I was actually won over by Molly Moon's before I even ate any ice cream. The adorable logo with the dog licking the ice cream cone is irresistibly lovable. The line around the corner outside speaks volumes about the quality of the ice cream, though. Check out this fabulous graphic to see a list of their flavors here, which includes 'Scout Mint' made with real girl scout cookies, and original strawberry, using only Washington grown berries. I had salted caramel which Cheryl warns me you should always try first- sometimes it's too salty, she says. I find this hard to believe since nothing is too salty for me but, you know, if you're sensitive try it first.
The Walrus & The Carpenter
4743 Ballard Ave NW
I made a mistake when I went to the Walrus & The Carpenter. I got overly excited about other items on the menu and forgot to order enough oysters. I recommend that you get mostly oysters, and eat elsewhere if you need more. The food is good, but it's expensive and...maybe not as subtle as I would like. With the exception of the scallop crudo, I would have skipped our other dishes- fried oysters, sardines, and an open-faced BLT that was a little insulting. (As in, how are you supposed to eat an open-faced BLT? With a knife and fork?) The oysters, though, they were perfect in every way and served with a proper mignonette- not a few bits of minced shallot floating in vinegar- a thing which seems to be increasingly rare these days.

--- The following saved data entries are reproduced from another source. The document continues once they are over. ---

Lemma sum_summand_fiber x y z :
  \sum_w (if z * w / (x * y) == 1 then summand x y z w else 0) = summand x y z (x * y / z).
Proof.
have [A0 _ _] := AP; have [B0 _ _] := BP; have [C0 _ _] := CP.
have summand0 w : (x == 0) || (y == 0) || (z == 0) -> summand x y z w = 0.
  by case/orP=> [/orP[]|] /eqP->; rewrite /summand ?A0 ?B0 ?C0 !(mulr0, mul0r).
have [xyz0|] := boolP ((x == 0) || (y == 0) || (z == 0)).
  by rewrite summand0 // big1 // => w _; case: ifP => // _; rewrite summand0.
rewrite !negb_or => /andP[/andP[x_neq0 y_neq0] z_neq0].
rewrite -big_mkcond (big_pred1 (x * y / z)) // => w /=.
apply/eqP/eqP => [fiber_w | ->]; last by rewrite [z * _]mulrC divfK // divff ?mulf_neq0.
have zw_eq : z * w = x * y by rewrite -[RHS]mul1r -fiber_w divfK ?mulf_neq0.
by rewrite -zw_eq mulrC mulKf.
Qed.

Lemma sum_gauss4_fiber :
  \sum_(chi <- s)
     gauss zeta (charmul (charinv chi) A) * gauss zeta (charmul (charinv chi) B)
   * gauss zeta (charmul chi C) * gauss zeta (charmul chi D)
  = p.-1%:R * \sum_x \sum_y \sum_z summand x y z (x * y / z).
Proof.
rewrite (eq_big_seq _ (fun chi chi_s => gauss4_expand (iffLR (s_mulchar chi) chi_s))).
rewrite exchange_big mulr_sumr; apply: eq_bigr => x _.
rewrite exchange_big mulr_sumr; apply: eq_bigr => y _.
rewrite exchange_big mulr_sumr; apply: eq_bigr => z _.
rewrite exchange_big -(sum_summand_fiber x y z) mulr_sumr; apply: eq_bigr => w _.
by rewrite -mulr_sumr sum_mulchar //; case: eqP => _; rewrite ?mulr0 // mulrC.
Qed.

Lemma summand_rescale z u v : z != 0 ->
  summand (z * u) (z * v) z (z * u * (z * v) / z)
    = charmul A D u * charmul B D v * zeta ^+ ((z * ((1 + u) * (1 + v)))%R : 'F_p).
Proof.
move=> z_neq0; have [_ _ AM] := AP; have [_ _ BM] := BP; have [_ _ DM] := DP.
have ABCD_z : A z * B z * (C z * D z) = 1.
  by move/ffunP: ABCD_triv => /(_ z); rewrite !ffunE (negPf z_neq0).
have -> : z * u * (z * v) / z = z * (u * v) by field.
have -> : z * ((1 + u) * (1 + v)) = z * u + z * v + z + z * (u * v) by ring.
rewrite /summand !(expr_Fp_add p_pr zeta_prim) !ffunE !AM !BM !DM -[RHS]mul1r -ABCD_z.
ring.
Qed.

Lemma sum_fiber_rescale :
  \sum_x \sum_y \sum_z summand x y z (x * y / z)
    = \sum_(z | z != 0) \sum_u \sum_v
        charmul A D u * charmul B D v * zeta ^+ ((z * ((1 + u) * (1 + v)))%R : 'F_p).
Proof.
under eq_bigr do rewrite exchange_big.
rewrite exchange_big [RHS]big_mkcond; apply: eq_bigr => z _.
have [->|z_neq0] := eqVneq z 0.
  have [C0 _ _] := CP.
  by rewrite big1 // => x _; rewrite big1 // => y _; rewrite /summand C0 !(mulr0, mul0r).
rewrite (reindex_inj (mulfI z_neq0)); apply: eq_bigr => u _.
rewrite (reindex_inj (mulfI z_neq0)); apply: eq_bigr => v _.
exact: summand_rescale.
Qed.

Lemma sum_rescaled_eval :
  \sum_(z | z != 0) \sum_u \sum_v
      charmul A D u * charmul B D v * zeta ^+ ((z * ((1 + u) * (1 + v)))%R : 'F_p)
    = p%:R * (charmul A D (-1) * \sum_v charmul B D v
              + (\sum_u charmul A D u) * charmul B D (-1)
              - charmul A D (-1) * charmul B D (-1))
      - (\sum_u charmul A D u) * (\sum_v charmul B D v).
Proof.
set E := charmul A D; set F := charmul B D.
rewrite exchange_big; under eq_bigr do rewrite exchange_big.
have axes (u v : 'F_p) : ((1 + u) * (1 + v) == 0) = (u == -1) || (v == -1).
  by rewrite mulf_eq0 ![1 + _]addrC !addr_eq0.
under eq_bigr => u _ do under eq_bigr => v _ do
  rewrite -mulr_sumr (sum_expr_Fp_scale p_pr zeta_prim) axes.
transitivity (p%:R * \sum_u \sum_v (if (u == -1) || (v == -1) then E u * F v else 0)
              - \sum_u \sum_v E u * F v).
  rewrite mulr_sumr -sumrB; apply: eq_bigr => u _.
  rewrite mulr_sumr -sumrB; apply: eq_bigr => v _.
  by case: ifP => _; ring.
have cross := sumr_cross (fun u v => E u * F v) (-1) (-1); cbv beta in cross.
by rewrite cross -big_distrlr -mulr_sumr -mulr_suml.
Qed.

The atmosphere is fun and convivial, and the restaurant is small, so be prepared to wait.
Lighthouse Coffee Roasters
400 N. 43rd Street
I'm not a coffee expert in any sense of the term. But, I do love coffee, and I like to visit all the coffee shops when I'm somewhere new. This place was my favorite in Seattle. Fantastic coffee and nice people serving it. What a concept! Also, the beans are roasted in vintage cast-iron roasters, so that's cool.
6015 Phinney Ave N.
The finest pastry skills married to Japanese aesthetic and flavors. Red bean croissants! Black sesame shortbread! Green tea and Yuzu macarons! AND MORE! Things sell out so, if you want one of those red bean croissants, be like Cheryl and call ahead to have them set it aside.

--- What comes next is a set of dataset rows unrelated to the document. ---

Lemma derive1_0_of_sqr_error (phi : R -> R) (l C : R) :
  (forall t, `|phi t - phi 0 - l * t| <= C * t ^+ 2) -> derive1 phi 0 = l.
Proof.
move=> err; apply: cvg_lim => //.
have C'0 : 0 < `|C| + 1 by rewrite ltr_pwDr.
apply/cvgrPdist_le => e e0; near=> h.
have h0 : h != 0 by near: h; exact: nbhs_dnbhs_neq.
have he : `|h| <= e / (`|C| + 1) by near: h; apply: dnbhs0_le; rewrite divr_gt0.
have -> : l - h^-1 *: (phi (h + 0) - phi 0) = - (h^-1 * (phi h - phi 0 - l * h)).
  by rewrite addr0 /GRing.scale /=; field.
rewrite normrN normrM normrV ?unitfE // ler_pdivrMl ?normr_gt0 //.
apply: (le_trans (err h)); rewrite -(real_normK (num_real h)) expr2 mulrA.
rewrite [_ * e]mulrC; apply: ler_wpM2r => //.
move: he; rewrite ler_pdivlMr // => he; apply: le_trans he; rewrite [leRHS]mulrC.
by apply: ler_wpM2r => //; rewrite (le_trans (ler_norm C)) // lerDl.
Unshelve. all: by end_near. Qed.

End RealFunctions.

Section SmoothStronglyConvex.
Variables (R : realType) (f : R -> R) (M mu : R).
Hypotheses (M_gt0 : 0 < M) (mu_gt0 : 0 < mu).
Hypotheses (f_smooth : smooth M f) (f_sconvex : strongly_convex mu f).
Local Notation f' := (derive1 f).

Lemma sconvex_ge_tangent x0 x : f x0 + f' x0 * (x - x0) + mu / 2 * (x - x0) ^+ 2 <= f x.
Proof.
have [df f'_lip] := f_smooth; set d := x - x0.
suff : f x0 + f' x0 * d + mu / 2 * d ^+ 2 - f x <= 0 by lra.
apply: (@le0_of_le_small_multiples _ _ ((M + mu / 2) * d ^+ 2)) => t /andP[t0 t1].
have := f_sconvex x x0 (t:=t); rewrite ltW // t1 => /(_ isT).
have -> : t * x + (1 - t) * x0 = x0 + t * d by rewrite /d; ring.
move=> conv.
have [s /andP[s0 s1]] := derivable_MVT df x0 (x0 + t * d).
rewrite addrAC subrr add0r; set c := x0 + s * (t * d) => E.
have dev : `|(f' c - f' x0) * (t * d)| <= M * (t * d) ^+ 2.
  rewrite normrM -(real_normK (num_real (t * d))) expr2 mulrA.
  apply: ler_wpM2r => //; apply: le_trans (f'_lip c x0) _.
  apply: ler_wpM2l; first exact: ltW.
  by rewrite /c addrAC subrr add0r normrM ger0_norm // ler_piMl.
move: dev; rewrite ler_norml => /andP[dev _].
by rewrite -(ler_pM2l t0); move: conv E dev; rewrite /d; nra.
Qed.

(* The mean value theorem applied to psi rather than to f, using psi' y * (y - x0) <= 0,
   gives the constant M/2 instead of M. *)
Lemma smooth_le_quadratic x0 x : f x <= f x0 + f' x0 * (x - x0) + M / 2 * (x - x0) ^+ 2.
Proof.
have [df f'_lip] := f_smooth.
pose psi z := f z - f' x0 * z - M / 2 * (z - x0) ^+ 2.
have psi' (y : R) : is_derive y (1 : R) psi (f' y - f' x0 - M / 2 * (2 * (y - x0))).
  have -> : psi = f - f' x0 *: id - M / 2 *: (id - cst x0) ^+ 2 by apply/funext.
  have : is_derive y (1 : R) f (f' y) by rewrite derive1E; exact: derivableP.
  by move=> ?; apply: is_derive_eq; rewrite subr0 /= expr1 /GRing.scale /= !mulr1.
have dpsi y : derivable psi y 1 by exact: ex_derive.
have [s /andP[s0 s1]] := derivable_MVT dpsi x0 x.
rewrite derive1E derive_val; set c := x0 + s * (x - x0) => E.
have dev : (f' c - f' x0) * (x - x0) <= M * s * (x - x0) ^+ 2.
  apply: le_trans (ler_norm _) _; rewrite normrM -(real_normK (num_real (x - x0))).
  rewrite expr2 mulrA; apply: ler_wpM2r => //; apply: le_trans (f'_lip c x0) _.
  by rewrite /c addrAC subrr add0r normrM ger0_norm // mulrA.
have : psi x - psi x0 <= 0 by rewrite E /c; nra.
by rewrite /psi subrr expr0n /= mulr0 subr0; lra.
Qed.

Lemma derive1_strongly_monotone x y : mu * (x - y) ^+ 2 <= (f' x - f' y) * (x - y).
Proof. by have := sconvex_ge_tangent x y; have := sconvex_ge_tangent y x; nra. Qed.

Lemma derive1_surjective (y : R) : exists x : R, f' x = y.
Proof.
have [_ f'_lip] := f_smooth.
have f'_cont : continuous f' := lipschitz_continuous M_gt0 f'_lip.
(* mu r = (y - f' 0)^2 + 1 exceeds |y - f' 0|, so strong monotonicity brackets y. *)
pose r := ((y - f' 0) ^+ 2 + 1) / mu.
have r_gt0 : 0 < r by rewrite divr_gt0 // ltr_pwDr ?sqr_ge0.
have mur : mu * r = (y - f' 0) ^+ 2 + 1 by rewrite mulrC divfK ?gt_eqF.
clearbody r.
have f'r : y <= f' r.
  have := derive1_strongly_monotone r 0; rewrite !subr0 expr2 mulrA ler_pM2r //.
  by have := sqr_ge0 (y - f' 0 - 1); nra.
have f'Nr : f' (- r) <= y.
  have := derive1_strongly_monotone 0 (- r); rewrite !sub0r opprK expr2 mulrA ler_pM2r //.
  by have := sqr_ge0 (y - f' 0 + 1); nra.
have Nrr : - r <= r by lra.
have f'y : Num.min (f' (- r)) (f' r) <= y <= Num.max (f' (- r)) (f' r).
  by rewrite ge_min f'Nr le_max f'r orbT.
by have [x _ <-] := IVT Nrr (continuous_subspaceT f'_cont) f'y; exists x.
Qed.

Lemma fenchel_le_tangent x u : f' x * u - f u <= f' x * x - f x.
Proof.
have := sconvex_ge_tangent x u.
have : 0 <= mu / 2 * (u - x) ^+ 2 by rewrite mulr_ge0 ?sqr_ge0 // divr_ge0 // ltW.
lra.
Qed.

Lemma fconjE x : fconj f (f' x) = f' x * x - f x.
Proof.
apply/le_anti/andP; split.
  by apply: ge_sup => [|_ [u _ <-]]; [exists (f' x * x - f x), x | exact: fenchel_le_tangent].
apply: ub_le_sup; last by exists x.
by exists (f' x * x - f x) => _ [u _ <-]; exact: fenchel_le_tangent.
Qed.

Lemma fconj_ge y u : y * u - f u <= fconj f y.
Proof. by have [x <-] := derive1_surjective y; rewrite fconjE fenchel_le_tangent. Qed.

Lemma fconj_le_quadratic x s :
  fconj f (f' x + s) <= fconj f (f' x) + s * x + s ^+ 2 / (2 * mu).
Proof.
have [x' f'x'] := derive1_surjective (f' x + s).
rewrite -f'x' !fconjE f'x'.
have := sconvex_ge_tangent x x'.
have : s * (x' - x) - mu / 2 * (x' - x) ^+ 2 <= s ^+ 2 / (2 * mu).
  rewrite -subr_ge0.
  have -> : s ^+ 2 / (2 * mu) - (s * (x' - x) - mu / 2 * (x' - x) ^+ 2) =
            (s - mu * (x' - x)) ^+ 2 / (2 * mu) by field; rewrite gt_eqF.
  by rewrite divr_ge0 ?sqr_ge0 // mulr_ge0 // ltW.
lra.
Qed.

Lemma fconj_ge_quadratic x s :
  fconj f (f' x) + s * x + s ^+ 2 / (2 * M) <= fconj f (f' x + s).
Proof.
rewrite fconjE; apply: le_trans (fconj_ge _ (x + s / M)).
have := smooth_le_quadratic x (x + s / M).
have -> : x + s / M - x = s / M by ring.
have -> : s ^+ 2 / (2 * M) = s * (s / M) - M / 2 * (s / M) ^+ 2.
  by field; rewrite gt_eqF.
lra.
Qed.

End SmoothStronglyConvex.

Section FiniteExtrema.
Variables (R : realType) (n : nat).

Lemma maxf_ge (g : 'I_n -> R) i : g i <= maxf g.
Proof. by rewrite /maxf (bigD1 i) //= le_max lexx. Qed.

Lemma minf_le (g : 'I_n -> R) i : minf g <= g i.
Proof. by rewrite /minf (bigD1 i) //= ge_min lexx. Qed.

Lemma minf_gt0 (g : 'I_n -> R) : (0 < n)%N -> (forall i, 0 < g i) -> 0 < minf g.
Proof.
move=> n_gt0 g_gt0; apply: (big_ind (fun x => 0 < x)) => // [|x y x0 y0].
  exact: lt_le_trans (g_gt0 (Ordinal n_gt0)) (maxf_ge g _).
by rewrite lt_min x0 y0.
Qed.

End FiniteExtrema.

Section Incidence.
Variables (R : realType) (n E : nat) (A : 'M[R]_(n, E)).
Hypothesis A_incidence : incidence A.

Lemma incidence_n_gt0 a : eigenvalue (A^T *m A) a -> (0 < n)%N.
Proof.
move=> /eigenvalueP[v _ v0].
have [l _|no_edge] := pickP (fun l : 'I_E => true).
  by have [i _] := A_incidence l; exact: leq_ltn_trans (leq0n i) (ltn_ord i).
by move: v0; apply: contraNP => _; apply/eqP/rowP => l; have := no_edge l.
Qed.

Lemma sum_Sedges (w : 'I_E -> R) : \sum_i \sum_(l in Sedges A i) w l = 2 * \sum_l w l.
Proof.
under eq_bigr do rewrite big_mkcond /=.
rewrite exchange_big mulr_sumr; apply: eq_bigr => l _ /=.
have [i [j [ij Ai Aj A0]]] := A_incidence l.
rewrite (bigD1 i) // (bigD1 j) 1?eq_sym //= big1 => [|k /andP[kj ki]].
  by rewrite !inE Ai Aj oner_eq0 oppr_eq0 oner_eq0 /= addr0 mulr_natl mulr2n.
by rewrite inE A0 ?eqxx.
Qed.

Lemma Ndeg_le_Nmax i : (Ndeg A i <= Nmax A)%N.
Proof. exact: (@leq_bigmax _ (fun i => Ndeg A i)). Qed.

Lemma Nmax_gt0 : (forall i, 0 < Ndeg A i)%N -> (0 < n)%N -> (0 < Nmax A)%N.
Proof.
by move=> deg_gt0 n_gt0; exact: leq_trans (deg_gt0 (Ordinal n_gt0)) (Ndeg_le_Nmax _).
Qed.

Lemma Sedges_average_le (phi w : 'I_E -> R) (F0 : R) i :
  (0 < Ndeg A i)%N -> (forall l, 0 <= w l) -> (forall l, phi l <= F0 - w l) ->
  (Ndeg A i)%:R^-1 * \sum_(l in Sedges A i) phi l <=
  F0 - (Nmax A)%:R^-1 * \sum_(l in Sedges A i) w l.
Proof.
move=> deg_gt0 w_ge0 phi_le.
have Ni_gt0 : (0 : R) < (Ndeg A i)%:R by rewrite ltr0n.
apply: (@le_trans _ _ ((Ndeg A i)%:R^-1 * \sum_(l in Sedges A i) (F0 - w l))).
  apply: ler_wpM2l; first by rewrite invr_ge0 ltW.
  by apply: ler_sum => l _; exact: phi_le.
rewrite sumrB sumr_const -/(Ndeg A i) -[F0 *+ _]mulr_natl mulrBr mulKf ?gt_eqF //.
have N_gt0 : (0 < Nmax A)%N := leq_trans deg_gt0 (Ndeg_le_Nmax i).
by rewrite lerD2l lerN2 ler_wpM2r ?sumr_ge0 // lef_pV2 ?posrE ?ltr0n ?ler_nat ?Ndeg_le_Nmax.
Qed.

Lemma SUCD_average_le (phi w : 'I_E -> R) (F0 : R) :
  (forall i, 0 < Ndeg A i)%N -> (0 < n)%N ->
  (forall l, 0 <= w l) -> (forall l, phi l <= F0 - w l) ->
  n%:R^-1 * \sum_i ((Ndeg A i)%:R^-1 * \sum_(l in Sedges A i) phi l) <=
  F0 - 2 * (\sum_l w l) / (n%:R * (Nmax A)%:R).
Proof.
move=> deg_gt0 n_gt0 w_ge0 phi_le.
have N_gt0 : (0 : R) < (Nmax A)%:R by rewrite ltr0n Nmax_gt0.
have n_gt0' : (0 : R) < n%:R by rewrite ltr0n.
apply: (@le_trans _ _ (n%:R^-1 * \sum_i (F0 - (Nmax A)%:R^-1 * \sum_(l in Sedges A i) w l))).
  apply: ler_wpM2l; first by rewrite invr_ge0 ler0n.
  by apply: ler_sum => i _; exact: Sedges_average_le (deg_gt0 i) w_ge0 phi_le.
rewrite sumrB sumr_const card_ord -[F0 *+ _]mulr_natl -mulr_sumr sum_Sedges.
suff -> : n%:R^-1 * (n%:R * F0 - (Nmax A)%:R^-1 * (2 * \sum_l w l)) =
          F0 - 2 * (\sum_l w l) / (n%:R * (Nmax A)%:R) by [].
by field; rewrite !gt_eqF.
Qed.

End Incidence.

Section MatrixColumns.
Variables (R : comPzRingType) (n E : nat) (A : 'M[R]_(n, E)).

Lemma mulmx_delta_col l i : (A *m (delta_mx l 0 : 'cV[R]_E)) i 0 = A i l.
Proof.
rewrite mxE (bigD1 l) //= big1 => [|k kl]; first by rewrite mxE !eqxx mulr1 addr0.
by rewrite mxE (negbTE kl) mulr0.
Qed.

Lemma mulmx_scaled_delta (t : R) l i :
  (A *m (t *: delta_mx l 0 : 'cV[R]_E)) i 0 = t * A i l.
Proof. by rewrite -scalemxAr mxE mulmx_delta_col. Qed.

Lemma mulmx_tr_colE (x : 'cV[R]_n) l : (A^T *m x) l 0 = \sum_i A i l * x i 0.
Proof. by rewrite mxE; apply: eq_bigr => i _; rewrite mxE. Qed.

I suppose suggesting wine tasting as an activity is a kind of nerdy thing to do, but we had so much fun in Woodinville! If you head into the town center, you can park and walk to a ton of wineries, all of them with a pretty vibrant scene. Many places offer food, so you can keep the wine-tasting going for awhile. Weekend days are best for this type of thing, for obvious reasons. (ie. the obligatory post wine-tasting nap.)

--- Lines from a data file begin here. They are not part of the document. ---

(* Let $D$ be a strongly connected digraph with $n$ vertices and exactly three complementarity eigenvalues. If $D$ contains a subdigraph isomorphic to the $\theta$-digraph $\theta(a,b,c)$, then $n=a+b+c+2$.
   Context: All digraphs are finite, without loops and without multiple arcs. For a digraph $D$ with adjacency matrix $A$ (on $n$ vertices), a real $\lambda$ is a complementarity eigenvalue if there is a nonzero $x\in\mathbb{R}^n$, $x\ge0$, with $Ax-\lambda x\ge 0$ and $\langle x,Ax-\lambda x\rangle=0$. Subdigraphs need not be induced. The $\theta$-digraph $\theta(a,b,c)$ (integers $a,b,c\ge0$, $a\le b$, $b>0$) consists of two distinct vertices $v,w$ and three internally vertex-disjoint directed paths: two from $w$ to $v$ having $a+2$ and $b+2$ vertices, and one from $v$ to $w$ having $c+2$ vertices. *)

From HB Require Import structures.
From mathcomp Require Import all_boot all_order all_algebra.
From mathcomp Require Import reals.
Set Implicit Arguments. Unset Strict Implicit. Unset Printing Implicit Defensive.
Import Order.TTheory GRing.Theory Num.Theory.
Local Open Scope ring_scope.

(* A digraph on vertex set 'I_n is an arc relation E : rel 'I_n
   (no multiple arcs by construction; loops excluded by [irreflexive E]). *)

Definition adjmx (R : realType) (n : nat) (E : rel 'I_n) : 'M[R]_n :=
  \matrix_(i, j) (E i j)%:R.

Definition compl_eigenvalue (R : realType) (n : nat) (A : 'M[R]_n) (lam : R) : Prop :=
  exists x : 'cV[R]_n,
    [/\ x != 0,
        forall i, 0 <= x i 0,
        forall i, 0 <= (A *m x - lam *: x) i 0
      & \sum_i x i 0 * (A *m x - lam *: x) i 0 = 0].

Definition exactly_three_CE (R : realType) (n : nat) (A : 'M[R]_n) : Prop :=
  exists l1 l2 l3 : R,
    [/\ l1 != l2, l1 != l3, l2 != l3 &
        forall lam, compl_eigenvalue A lam <-> (lam = l1 \/ lam = l2 \/ lam = l3)].

Definition strongly_connected (n : nat) (E : rel 'I_n) : Prop :=
  forall u v, connect E u v.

Rattlesnake Ledge (Snoqualmie Region)
I laughed when I read the Washington Trails Association description of this hike just now, because it echoes exactly what I said to Cheryl when she pointed out the end destination of the hike from the parking lot. It says, "as soon as you arrive in the parking lot you have a view of Rattlensake Ledge's sheer rock face across Rattlesnake Lake. At this point it seems amazing to think you will be up there by the end of your hike." Just know that you will get up there, and it's not as hard as you'd think. The trail is well designed and only about 4 miles, so it's pretty heavily trafficked, but I didn't find that distracted at all from the experience as a whole, or the great view from the top. Cheryl tells me there are a lot other hikes right nearby, including an 8 mile hike with a higher elevation gain, called Mount Si.
Mighty O Donuts
The very last thing that I did in Seattle was to race my rental car away from Cheryl's house much later than I should have left for the airport, and hurtle towards Mighty O Donuts. Since Cheryl used to live within walking distance, I'd been there before, more than once, and I didn't want to miss it this time around. I ran in, ordered a dozen donuts, and brought them onto the plane. Some people nearby commented- as I sat in my tiny plane seat with a dozen donuts on my lap- that I must really love my family. Truth be told, those donuts were all for me. Mighty O donuts are - get this- certified organic. Not that I think a donut can be "healthy," but I do think an organic donut must be better than those trans fat fried monstrosities we normally eat. These donuts are lighter, and more flavorful than the conventional alternative. And they cost more, too :) so don't say I didn't warn you.